• _Task details_
In the records below, find the line that contains "Lemma max_frob2_div_le : Num.max" and the line that contains "pinv_cross_eq0 (exprn_ge0 _", then retype exactly those two lines and every line between them.

• _Source material_
- Opening Delimiter -

(* (1 - Bd B) Ad = - (E (1 - Bd B))^* Ad^* Ad, since B (1 - Bd B) = 0. *)
Lemma frob2_projC_pinv_le : frob2 ((1%:M - Bd *m B) *m Ad) <=
  nA ^+ 4 * frob2 (A *m Ad *m E *m (1%:M - Bd *m B)).
Proof.
have [_ _ _ BdBh] := hB.
rewrite -mulmxA (compl_mulmx_eq0 (_ : _ *m (E *m _) = 0)); last first.
  by rewrite mulmxA pinv_cross_eq0.
have -> : (1%:M - Bd *m B) *m Ad =
          - (ctrmx (E *m (1%:M - Bd *m B)) *m ctrmx Ad *m Ad).
  rewrite ctrmxM ctrmxB mulmxBr -!ctrmxM mul_pinv_projC // ctrmx0 sub0r.
  by rewrite ctrmxM !mulNmx opprK -!mulmxA pinvE_ctrmxl // ctrmxB ctrmx1 BdBh.
rewrite frob2N; apply: le_trans (frob2_mulmxr_le _ _) _.
rewrite (_ : 4 = 2 + 2)%N // exprD mulrC -mulrA ler_wpM2l ?sqr_ge0 // mulrC.
by rewrite -[X in _ <= X * _]frob2_ctrmx frob2_mulmxr_ctrmx_le.
Qed.

Lemma frob2_pinv_sub_le (P : 'M[C]_m) (Q : 'M[C]_n) (c1 c2 mx : R) :
  orthoproj P -> orthoproj Q -> (1%:M - P) *m E *m (1%:M - Q) = 0 ->
  0 <= c1 -> mx <= frob2 (P *m E *m Q) ->
  frob2 (Bd *m (1%:M - A *m Ad)) <= c1 * frob2 ((1%:M - P) *m E *m Q) ->
  frob2 ((1%:M - Bd *m B) *m Ad) <= c2 * frob2 (P *m E *m (1%:M - Q)) ->
  frob2 (Bd - Ad) <= Num.max c2 c1 * (frob2 E - mx) + frob2 (Bd *m E *m Ad).
Proof.
move=> hP hQ cross c10 mx_le le1 le2.
have c0 : 0 <= Num.max c2 c1 by rewrite le_max c10 orbT.
rewrite frob2_pinv_sub (frob2_split3 hP hQ cross) lerD2r -addrA mulrDr.
rewrite -[leLHS]addr0 lerD ?mulr_ge0 ?subr_ge0 // mulrDr.
apply: lerD; [apply: le_trans le1 _ | apply: le_trans le2 _];
  by apply: ler_wpM2r; rewrite ?frob2_ge0 // le_max lexx ?orbT.
Qed.

Lemma max_frob2_div_le : Num.max (frob2 (A *m Ad *m E *m Bd) / nB ^+ 2)
                                 (frob2 (Ad *m E *m Bd *m B) / nA ^+ 2)
                         <= frob2 (A *m Ad *m E *m (Bd *m B)).
Proof.
have [_ AdAAd _ _] := hA; have [_ BdBBd _ _] := hB.
rewrite ge_max; apply/andP; split.
  have -> : A *m Ad *m E *m Bd = A *m Ad *m E *m (Bd *m B) *m Bd.
    by rewrite -[RHS]mulmxA BdBBd.
  exact: frob2_mulmxr_div_le.
have -> : Ad *m E *m Bd *m B = Ad *m (A *m Ad *m E *m (Bd *m B)).
  by rewrite !mulmxA AdAAd.
exact: frob2_mulmxl_div_le.
Qed.

Lemma max_frob2_div_le_swap : Num.max (frob2 (B *m Bd *m E *m Ad) / nA ^+ 2)
                                      (frob2 (Bd *m E *m Ad *m A) / nB ^+ 2)
                              <= frob2 (B *m Bd *m E *m (Ad *m A)).
Proof.
have [_ AdAAd _ _] := hA; have [_ BdBBd _ _] := hB.
rewrite ge_max; apply/andP; split.
  have -> : B *m Bd *m E *m Ad = B *m Bd *m E *m (Ad *m A) *m Ad.
    by rewrite -[RHS]mulmxA AdAAd.
  exact: frob2_mulmxr_div_le.
have -> : Bd *m E *m Ad *m A = Bd *m (B *m Bd *m E *m (Ad *m A)).
  by rewrite !mulmxA BdBBd.
exact: frob2_mulmxl_div_le.
Qed.

Lemma frob2_pinv_sub_le_max4 : frob2 (Bd - Ad) <=
  Num.max (nA ^+ 4) (nB ^+ 4) *
    (frob2 E - Num.max (frob2 (A *m Ad *m E *m Bd) / nB ^+ 2)
                       (frob2 (Ad *m E *m Bd *m B) / nA ^+ 2))
  + frob2 (Bd *m E *m Ad).
Proof.
exact: frob2_pinv_sub_le (orthoproj_mulmx_pinv hA) (orthoproj_pinv_mulmx hB)
  pinv_cross_eq0 (exprn_ge0 _ (specnorm_ge0 _)) max_frob2_div_le
  frob2_pinv_projC_le frob2_projC_pinv_le.
Qed.

Section EqualRank.
Hypothesis rkAB : \rank A = \rank B.

Lemma frob2_pinv_projC_le_eqrank : frob2 (Bd *m (1%:M - A *m Ad)) <=
  nA ^+ 2 * nB ^+ 2 * frob2 ((1%:M - B *m Bd) *m E *m (Ad *m A)).
Proof.
have [_ AdAAd _ _] := hA; have [_ BdBBd _ _] := hB.
have hPA := orthoproj_mulmx_pinv hA; have hPB := orthoproj_mulmx_pinv hB.
have -> : Bd *m (1%:M - A *m Ad) = Bd *m (B *m Bd *m (1%:M - A *m Ad)).
  by rewrite !mulmxA BdBBd.
apply: le_trans (frob2_mulmxl_le _ _) _.
rewrite -[leRHS]mulrA [leRHS]mulrCA ler_wpM2l ?sqr_ge0 //.
rewrite -(frob2_orthoproj_mulC_sym hPA hPB) ?mxrank_mulmx_pinv //.
rewrite -frob2_orthoprojC_mul //.
have -> : (1%:M - B *m Bd) *m (A *m Ad) =
          - ((1%:M - B *m Bd) *m E *m (Ad *m A) *m Ad).
  rewrite -mulmxA AdAAd (mulmxBr (1%:M - _)) pinv_projC_mul // sub0r.
  by rewrite mulNmx opprK mulmxA.
by rewrite frob2N mulrC frob2_mulmxr_le.
Qed.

- Closing Delimiter -

• _Expected answer_
Lemma max_frob2_div_le : Num.max (frob2 (A *m Ad *m E *m Bd) / nB ^+ 2)
                                 (frob2 (Ad *m E *m Bd *m B) / nA ^+ 2)
                         <= frob2 (A *m Ad *m E *m (Bd *m B)).
Proof.
have [_ AdAAd _ _] := hA; have [_ BdBBd _ _] := hB.
rewrite ge_max; apply/andP; split.
  have -> : A *m Ad *m E *m Bd = A *m Ad *m E *m (Bd *m B) *m Bd.
    by rewrite -[RHS]mulmxA BdBBd.
  exact: frob2_mulmxr_div_le.
have -> : Ad *m E *m Bd *m B = Ad *m (A *m Ad *m E *m (Bd *m B)).
  by rewrite !mulmxA AdAAd.
exact: frob2_mulmxl_div_le.
Qed.

Lemma max_frob2_div_le_swap : Num.max (frob2 (B *m Bd *m E *m Ad) / nA ^+ 2)
                                      (frob2 (Bd *m E *m Ad *m A) / nB ^+ 2)
                              <= frob2 (B *m Bd *m E *m (Ad *m A)).
Proof.
have [_ AdAAd _ _] := hA; have [_ BdBBd _ _] := hB.
rewrite ge_max; apply/andP; split.
  have -> : B *m Bd *m E *m Ad = B *m Bd *m E *m (Ad *m A) *m Ad.
    by rewrite -[RHS]mulmxA AdAAd.
  exact: frob2_mulmxr_div_le.
have -> : Bd *m E *m Ad *m A = Bd *m (B *m Bd *m E *m (Ad *m A)).
  by rewrite !mulmxA BdBBd.
exact: frob2_mulmxl_div_le.
Qed.

Lemma frob2_pinv_sub_le_max4 : frob2 (Bd - Ad) <=
  Num.max (nA ^+ 4) (nB ^+ 4) *
    (frob2 E - Num.max (frob2 (A *m Ad *m E *m Bd) / nB ^+ 2)
                       (frob2 (Ad *m E *m Bd *m B) / nA ^+ 2))
  + frob2 (Bd *m E *m Ad).
Proof.
exact: frob2_pinv_sub_le (orthoproj_mulmx_pinv hA) (orthoproj_pinv_mulmx hB)
  pinv_cross_eq0 (exprn_ge0 _ (specnorm_ge0 _)) max_frob2_div_le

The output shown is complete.